The Story of Bodo Sandberg


Bodo close to death after high-speed crash in Spitfire


On September 20, 1951, I was 5, in Kindergarten. I was looking out the classroom window and suddenly saw a military car pull up at our school. A sergeant ran out and went to the Principal’s Office. Then the Principal, with the sergeant in tow, rushed over to my class room, came in, whispered something in the ear of my teacher, and the Principal urged me to step out of the class room. There she told me that something terrible had happened: My Dad had been in a plane crash. He crashed with his Spitfire and I had to go home right away with the sergeant.

I was in a complete state of denial and said boldly: “That can’t be. There must be a mistake! My Dad is the best pilot in the Dutch Air Force!”

Well, I was rushed to the military hospital in Utrecht where I was allowed to peek into Dad’s room and I was shocked!!         He looked - quite literally – like a mummy, wrapped in gauze from top to toe. You could only see his eyes. His whole bed was covered in blood. He was so severely damaged that the doctors had not dared to lift him to clean the sheets. He had a fracture in the base of his scull of 7 cm!! Such an enormous fracture is by itself almost always fatal. He had a devastating concussion, on the verge of brain damage; three broken vertebrae and damage to his central spinal cord. His legs were broken in multiple places, his hands and arms were broken, and his face was smashed to smithereens in the dash board....                                                           But, from the twinkle in his bright blue eyes, you could see he was happy to see us.    Dad was tough!

Crashed with immense impact!

Dad was commander of a squadron of Spitfires at Soesterberg, Holland’s premier Air Force base, and he was also a flight instructor on “Spits”. Spitfires are single seaters, pure thoroughbred fighter planes.       So the trainer model of the “Spit” was longer than the normal one, with a second cockpit for the instructor, right behind the normal cockpit.

The student Dad was training, was in the front.
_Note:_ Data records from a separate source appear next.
Definition V_orig (N T : nat) (alpha0 beta0 : R) (cv ch cb : 'I_N -> R)
    (t : nat) : ('I_N -> int) -> nat -> \bar R :=
  vorig alpha0 beta0 cv ch cb (T - t) t.

(* Z ~ NB(alpha0+k, p_t), K ~ NB((N-1)(alpha0+k), p_t) independent. *)
Definition bellman_alt (N : nat) (alpha0 beta0 cv ch cb : R)
    (t : nat) (W : int -> nat -> \bar R) (x : int) (k : nat) : \bar R :=
  let r := alpha0 + k%:R in
  let p := p_ep beta0 N t in
  ereal_inf [set (cost alpha0 beta0 N t cv ch cb a x k
                  + \esum_(zk in [set: nat * nat])
                      ((nb_pmf r p zk.1 * nb_pmf ((N - 1)%:R * r) p zk.2)%:E
                       * W (a - (zk.1)%:Z)%R (k + zk.1 + zk.2)%N))%E
            | a in [set a : int | x <= a]].

Fixpoint valt (N : nat) (alpha0 beta0 cv ch cb : R) (n t : nat)
    : int -> nat -> \bar R :=
  match n with
  | 0 => fun _ _ => 0%E
  | n'.+1 => bellman_alt N alpha0 beta0 cv ch cb t
               (valt N alpha0 beta0 cv ch cb n' t.+1)
  end.

Definition V_alt (N T : nat) (alpha0 beta0 : R) (cv ch cb : 'I_N -> R)
    (i : 'I_N) (t : nat) : int -> nat -> \bar R :=
  valt N alpha0 beta0 (cv i) (ch i) (cb i) (T - t) t.

End SpareParts.

(* Since the statistic k only enters through the demand distribution and the
   one-step cost is a sum of per-warehouse costs, the original Bellman operator
   preserves separable value functions: the infimum over the box a >= x of a
   separable sum is the sum of the coordinatewise infima, and the expectation of
   sum_i W_i(a_i - Z_i, k + sum_j Z_j) splits into N terms, the i-th of which
   depends only on (Z_i, sum_{j <> i} Z_j).  With Z_j i.i.d. NB(r, p), this pair
   has law NB(r, p) x NB((N - 1) r, p), because negative binomials with a common
   p are closed under convolution -- which, on the pmfs, is Vandermonde's
   identity for rising factorials. *)

From HB Require Import structures.
From mathcomp Require Import all_boot all_order all_algebra.
From mathcomp Require Import all_classical all_reals all_analysis.
From mathcomp Require Import ring zify.
Import Order.TTheory GRing.Theory Num.Theory.

Set Implicit Arguments. Unset Strict Implicit. Unset Printing Implicit Defensive.
Local Open Scope ring_scope.
Local Open Scope classical_set_scope.

Section RisingFactorial.
Variable R : comNzRingType.

Definition rising (r : R) (n : nat) : R := \prod_(j < n) (r + j%:R).

Lemma rising0 r : rising r 0%N = 1.
Proof. by rewrite /rising big_ord0. Qed.

Lemma risingS r n : rising r n.+1 = rising r n * (r + n%:R).
Proof. by rewrite /rising big_ord_recr. Qed.

Lemma risingD r s n :
  rising (r + s) n = \sum_(x < n.+1) 'C(n, x)%:R * rising r x * rising s (n - x).
Proof.
apply/esym; elim: n => [|n IH].
  by rewrite big_ord_recl big_ord0 !rising0 bin0 addr0 !mulr1.
have split_factor : \sum_(i < n.+1) 'C(n, i)%:R * rising r i * rising s (n - i) * (r + s + n%:R)
  = \sum_(i < n.+1) 'C(n, i)%:R * rising r i.+1 * rising s (n - i)
    + \sum_(i < n.+1) 'C(n, i)%:R * rising r i * rising s (n.+1 - i).
  rewrite -big_split /=; apply: eq_bigr => i _.
  have hi : (i <= n)%N by rewrite -ltnS.
  rewrite risingS subSn // risingS natrB //; ring.
rewrite risingS -IH mulr_suml split_factor big_ord_recl bin0 rising0 subn0.
under eq_bigr do rewrite binS natrD subSS !mulrDl.
rewrite big_split /= [X in _ = _ + X]big_ord_recl bin0 rising0 subn0.
rewrite [in LHS](big_ord_recr n) /= bin_small // !mul0r addr0.
by rewrite [in RHS]addrC -!addrA.
Qed.

End RisingFactorial.

Section NegativeBinomial.
Variable R : realType.
Implicit Types (r s p : R) (n : nat).

Lemma nb_pmfE r p n : nb_pmf r p n = rising r n / (n`!)%:R * powR p r * (1 - p) ^+ n.
Proof. by []. Qed.

Lemma nb_pmf_ge0 r p n : 0 <= r -> p <= 1 -> 0 <= nb_pmf r p n.
Proof.
move=> r0 p1; rewrite nb_pmfE; apply: mulr_ge0; last by rewrite exprn_ge0 // subr_ge0.
apply: mulr_ge0; last exact: powR_ge0.
by apply: divr_ge0 => //; apply: prodr_ge0 => j _; exact: addr_ge0.
Qed.

Lemma nb_pmf0 p n : 0 < p -> nb_pmf 0 p n = (n == 0%N)%:R.
Proof.
move=> p0; case: n => [|n]; first by rewrite nb_pmfE rising0 powRr0 !mulr1 divr1.
by rewrite nb_pmfE /rising big_ord_recl /= add0r !mul0r.
Qed.

Lemma nb_pmf_conv r s p n : 0 < p ->
  \sum_(x < n.+1) nb_pmf r p x * nb_pmf s p (n - x) = nb_pmf (r + s) p n.
Proof.
move=> p0.
have term x : (x <= n)%N -> nb_pmf r p x * nb_pmf s p (n - x) =
    'C(n, x)%:R * rising r x * rising s (n - x)
    * ((n`!)%:R^-1 * powR p (r + s) * (1 - p) ^+ n).
  move=> xn; rewrite !nb_pmfE powRD; last by rewrite implybE (gt_eqF p0) orbT.
  have -> : (1 - p) ^+ n = (1 - p) ^+ x * (1 - p) ^+ (n - x) by rewrite -exprD subnKC.
  have -> : (n`!)%:R = 'C(n, x)%:R * ((x`!)%:R * ((n - x)`!)%:R) :> R
    by rewrite -!natrM bin_fact.
  have fx : (x`!)%:R != 0 :> R by rewrite pnatr_eq0 -lt0n fact_gt0.
  have fnx : ((n - x)`!)%:R != 0 :> R by rewrite pnatr_eq0 -lt0n fact_gt0.
  have bnx : 'C(n, x)%:R != 0 :> R by rewrite pnatr_eq0 -lt0n bin_gt0.
  by field; rewrite fx fnx bnx.
rewrite (eq_bigr _ (fun (x : 'I_n.+1) _ => term x (ltnSE (ltn_ord x)))).
by rewrite -mulr_suml -risingD nb_pmfE !mulrA.
Qed.

End NegativeBinomial.

Section ExtendedSums.
Variable R : realType.
Local Open Scope ereal_scope.

Lemma ge0_esumZl (T : choiceType) (S : set T) (c : R) (f : T -> \bar R) :
  (0 <= c)%R -> (forall x, 0 <= f x) ->
  \esum_(i in S) (c%:E * f i) = c%:E * \esum_(i in S) f i.
Proof.
move=> c0 f0; rewrite /esum -ereal_supZl //; last first.
  by apply/set0P; exists 0; exists set0; [exact: fsets_set0 | rewrite fsbig_set0].
congr ereal_sup; apply/seteqP; split => y /=.
- case=> A hA <-; exists (\sum_(i \in A) f i); first by exists A.
  by rewrite ge0_mule_fsumr.
- by case=> _ [A hA <-] <-; exists A => //; rewrite ge0_mule_fsumr.
Qed.

Lemma ge0_esum_pairZl (I T : choiceType) (A : set I) (S : set T)
    (c : I -> R) (F : I -> T -> \bar R) :
  (forall x, 0 <= c x)%R -> (forall x s, 0 <= F x s) ->
  \esum_(xs in A `*`` (fun _ => S)) ((c xs.1)%:E * F xs.1 xs.2)
  = \esum_(x in A) ((c x)%:E * \esum_(s in S) F x s).
Proof.
move=> c0 F0; rewrite -(@esum_esum _ _ _ A (fun _ => S) (fun x s => (c x)%:E * F x s)).
  by apply: eq_esum => x _; rewrite ge0_esumZl.
by move=> x s _ _; rewrite mule_ge0 ?lee_fin.
Qed.

Lemma setTXR_setT (I J : Type) : [set: I] `*`` (fun _ => [set: J]) = [set: I * J].
Proof. by apply/seteqP; split. Qed.

Lemma ereal_inf_sum (N : nat) (x : 'I_N -> int) (G : 'I_N -> int -> \bar R) :
  (forall i b, (x i <= b)%R -> 0 <= G i b) ->
  ereal_inf [set \sum_(i < N) G i (a i)
            | a in [set a : 'I_N -> int | forall i, (x i <= a i)%R]]
  = \sum_(i < N) ereal_inf [set G i b | b in [set b : int | (x i <= b)%R]].
Proof.
move=> G0; set I := fun i => ereal_inf [set G i b | b in [set b : int | (x i <= b)%R]].
rewrite -/(\sum_(i < N) I i).
have I0 i : 0 <= I i by apply: le_ereal_inf_tmp => _ [b hb <-]; exact: G0.
apply/eqP; rewrite eq_le; apply/andP; split; last first.
  apply: le_ereal_inf_tmp => _ [a ha <-]; apply: lee_sum => i _.
  by apply: ereal_inf_lbound; exists (a i) => //; exact: ha.
have [[i0 Ii0]|Ifin] := pselect (exists i, I i = +oo).
  rewrite (bigD1 i0) //= Ii0 addye ?leey //.
  have : 0 <= \sum_(i < N | i != i0) I i by apply: sume_ge0 => i _.
  by case: (\sum_(i < N | i != i0) I i).
have fin i : I i \is a fin_num.
  rewrite ge0_fin_numE // lt_neqAle leey andbT.
  by apply/eqP => Ii; apply: Ifin; exists i.
(* approximate each infimum within e / (N + 1) *)
apply/lee_addgt0Pr => e e0; set e' := (e / N.+1%:R)%R.
have e'0 : (0 < e')%R by rewrite divr_gt0 // ltr0n.
have near_inf i : exists b, (x i <= b)%R /\ G i b < I i + e'%:E.
  have [_ [b hb <-] Gb] := lb_ereal_inf_adherent e'0 (fin i).
  by exists b.
have [f hf] := choice near_inf.
apply: ge_ereal_inf; exists (\sum_(i < N) G i (f i)).
  by exists f => // i; case: (hf i).
apply: (@le_trans _ _ (\sum_(i < N) (I i + e'%:E))).
  by apply: lee_sum => i _; apply: ltW; case: (hf i).
rewrite big_split /= leeD2l // sumEFin lee_fin sumr_const card_ord.
rewrite -mulr_natr /e' -mulrA ler_piMr ?ltW // mulrC ltr_pdivrMr ?ltr0n //.
by rewrite mul1r ltr_nat.
Qed.

End ExtendedSums.

Section NegativeBinomialSums.
Variable R : realType.
Variable p : R.
Hypotheses (p_gt0 : (0 < p)%R) (p_le1 : (p <= 1)%R).
Local Open Scope ereal_scope.

Lemma esum_nb_pair (r s : R) (g : nat -> \bar R) :
  (0 <= r)%R -> (0 <= s)%R -> (forall n, 0 <= g n) ->
  \esum_(xm in [set: nat * nat]) ((nb_pmf r p xm.1 * nb_pmf s p xm.2)%:E * g (xm.1 + xm.2)%N)
  = \esum_(n in [set: nat]) ((nb_pmf (r + s) p n)%:E * g n).
Proof.
move=> r0 s0 g0.
have weight_ge0 x y : (0 <= nb_pmf r p x * nb_pmf s p y)%R.
  by rewrite mulr_ge0 // nb_pmf_ge0.
rewrite (reindex_esum ([set: nat] `*`` (fun n => `I_n.+1)) _
   (fun nx => (nx.2, nx.1 - nx.2)%N)); last first.
  split=> [[n x] _ //| [n x] [n' x'] /set_mem [_ hx] /set_mem [_ hx'] [ex e] |].
  - by subst x'; rewrite /= in hx hx' e; congr pair; lia.
  - move=> [x m] _; exists (x + m, x)%N; last by rewrite /= addKn.
    by split => //=; rewrite ltnS leq_addr.
rewrite -(@esum_esum _ _ _ [set: nat] (fun n => `I_n.+1)
   (fun n x => (nb_pmf r p x * nb_pmf s p (n - x))%:E * g (x + (n - x))%N)); last first.
  by move=> n x _ _; rewrite mule_ge0 ?lee_fin.
apply: eq_esum => n _; rewrite esum_fset //; last first.
  by move=> x _; rewrite mule_ge0 ?lee_fin.
rewrite (eq_fsbigr (fun x => (nb_pmf r p x * nb_pmf s p (n - x))%:E * g n)); last first.
  by move=> x; rewrite inE /= ltnS => xn; rewrite subnKC.
rewrite -ge0_mule_fsuml; last by move=> x; rewrite lee_fin.
by rewrite -fsbig_ord sumEFin nb_pmf_conv.
Qed.

Lemma esum_nb_seq (M : nat) (r : R) (g : nat -> \bar R) :
  (0 <= r)%R -> (forall n, 0 <= g n) ->
  \esum_(s in [set s : seq nat | size s = M])
     ((\prod_(x <- s) nb_pmf r p x)%:E * g (sumn s))
  = \esum_(m in [set: nat]) ((nb_pmf (M%:R * r) p m)%:E * g m).
Proof.
move=> r0; elim: M g => [|M IH] g g0.
  have -> : [set s : seq nat | size s = 0%N] = [set [::]].
    by apply/seteqP; split => s /=; [move/size0nil | move=> ->].
  rewrite esum_set1 big_nil ?mul1e // mul0r.
  under eq_esum do rewrite nb_pmf0 //.
  have -> : \esum_(m in [set: nat]) (((m == 0%N)%:R)%:E * g m)
      = \esum_(m in [set 0%N]) (((m == 0%N)%:R)%:E * g m).
    rewrite [RHS]esum_mkcond; apply: eq_esum => -[|m] _; first by rewrite mem_set.
    by rewrite mul0e; case: ifP.
  by rewrite esum_set1 ?mul1e.
have prod_ge0 (s : seq nat) : (0 <= \prod_(x <- s) nb_pmf r p x)%R.
  by apply: prodr_ge0 => y _; exact: nb_pmf_ge0.
rewrite (reindex_esum ([set: nat] `*`` (fun _ => [set s : seq nat | size s = M])) _
   (fun xs => xs.1 :: xs.2)); last first.
  split=> [[x s] [_ /= ->] //| [x s] [x' s'] _ _ /= [-> ->] //| [|x s] //= [hs]].
  by exists (x, s).
under eq_esum => xs _ do rewrite big_cons /= EFinM -muleA.
rewrite (@ge0_esum_pairZl _ _ _ [set: nat] [set s | size s = M] (nb_pmf r p)
  (fun x s => (\prod_(y <- s) nb_pmf r p y)%:E * g (x + sumn s)%N)); last 2 first.
- by move=> x; exact: nb_pmf_ge0.
- by move=> x s; rewrite mule_ge0 ?lee_fin.
under eq_esum => x _ do rewrite (IH (fun m => g (x + m)%N)) //.
rewrite -(@ge0_esum_pairZl _ _ _ [set: nat] [set: nat] (nb_pmf r p)
  (fun x m => (nb_pmf (M%:R * r) p m)%:E * g (x + m)%N)); last 2 first.
- by move=> x; exact: nb_pmf_ge0.
- by move=> x m; rewrite mule_ge0 ?lee_fin // nb_pmf_ge0 // mulr_ge0.
have -> : (M.+1%:R * r = r + M%:R * r)%R by rewrite -addn1 natrD mulrDl mul1r addrC.
rewrite setTXR_setT -esum_nb_pair ?mulr_ge0 //.
by apply: eq_esum => xm _; rewrite EFinM muleA.
Qed.

End NegativeBinomialSums.

Lemma map_nth_index (T : eqType) (U : Type) (x0 : U) (L : seq T) (s : seq U) :
  uniq L -> size s = size L -> [seq nth x0 s (index j L) | j <- L] = s.
Proof.
elim: L s => [|a L IH] [|b s] //= /andP[aL uL] [hs].
rewrite eqxx /=; congr cons; rewrite -[RHS](IH s uL hs).
by apply/eq_in_map => j jL /=; rewrite ifN //; apply: contraNneq aL => ->.
Qed.

Section Marginal.
Variables (N : nat) (i : 'I_N).

Definition others : seq 'I_N := [seq j <- enum 'I_N | j != i].

Lemma others_uniq : uniq others.
Proof. by rewrite filter_uniq // enum_uniq. Qed.

Lemma mem_others j : (j \in others) = (j != i).
Proof. by rewrite mem_filter mem_enum andbT. Qed.

Lemma size_others : size others = (N - 1)%N.
Proof.
rewrite /others -rem_filter ?enum_uniq //.
by rewrite size_rem ?mem_enum // size_enum_ord subn1.
Qed.

Definition splice (ns : nat * seq nat) : {ffun 'I_N -> nat} :=
  [ffun j => if j == i then ns.1 else nth 0%N ns.2 (index j others)].

Lemma big_splice (T : Type) (idx : T) (op : Monoid.com_law idx) (F : nat -> T) n s :
  size s = (N - 1)%N ->
  \big[op/idx]_(j < N) F (splice (n, s) j) = op (F n) (\big[op/idx]_(x <- s) F x).
Proof.
move=> hs; rewrite (bigD1 i) //= ffunE eqxx; congr (op _ _).
rewrite [LHS](_ : _ = \big[op/idx]_(j <- others) F (splice (n, s) j)); last first.
  by rewrite /others big_filter [index_enum _]unlock -enumT.
rewrite -{2}(map_nth_index 0%N others_uniq (etrans hs (esym size_others))) big_map.
apply: eq_big_seq => j; rewrite mem_others => ji.
by rewrite ffunE (negPf ji).
Qed.

Lemma splice_bij :
  set_bij ([set: nat] `*`` (fun _ => [set s : seq nat | size s = (N - 1)%N]))
          [set: {ffun 'I_N -> nat}] splice.
Proof.
have sizeE s : size s = (N - 1)%N -> size s = size others by rewrite size_others.
split=> // [[n s] [n' s'] /set_mem [_ /= /sizeE hs] /set_mem [_ /= /sizeE hs'] E | z _].
- have -> : n = n' by move: (congr1 (fun f : {ffun 'I_N -> nat} => f i) E); rewrite !ffunE eqxx.
  congr pair; rewrite -(map_nth_index 0%N others_uniq hs) -(map_nth_index 0%N others_uniq hs').
  apply/eq_in_map => j; rewrite mem_others => ji.
  by move: (congr1 (fun f : {ffun 'I_N -> nat} => f j) E); rewrite !ffunE (negPf ji).
- exists (z i, [seq z j | j <- others]); first by split => //=; rewrite size_map size_others.
  apply/ffunP => j; rewrite ffunE /=; case: eqP => [-> //|/eqP ji].
  have jo : j \in others by rewrite mem_others.
  by rewrite (nth_map i) ?index_mem // nth_index.
Qed.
He was an experienced pilot but he had never flown Spitfires before....

Now, a “Spit” was one of the quickest and most maneuverable fighter planes of its day because it had very small wings. That meant you had to go very fast to get lift. Especially when you take off, you needed FULL throttle!! Then, the moment your wheels came off the runway, you had to pull up your landing gear as quickly as you could, to reduce your air resistance, to gain even more speed, and FLY!

Trouble was that a Spitfire has two levers, right next to each other: one is the throttle, and the other is to pull up the landing gear....

And, sure enough, the student made the - for him, and almost my Dad - fatal mistake of 1) shutting down the throttle, and 2) leaving the landing gear down!!!

As a result, they stalled and fell from the sky like a ton of bricks at incredible speed. They just made it over the barbed wire of the Military base and, with 450 Km/h, they crashed straight into the trees....

The ambulance, in order to get to them, rammed right through the military fence at the end of the runway and, unbelievably, thanks to years and years of intensely disciplined training, as mangled and almost dead as Dad was, he had managed to get out of the plane before it could go up in flames and explode! He stood next to the wreck when the ambulance arrived!

It took the Doctors almost a year to get Dad back on his feet and he never quite recovered. But, he lived!! Albeit with severe back pains and headaches for the rest of his life (from the broken vertebrae), but        he lived!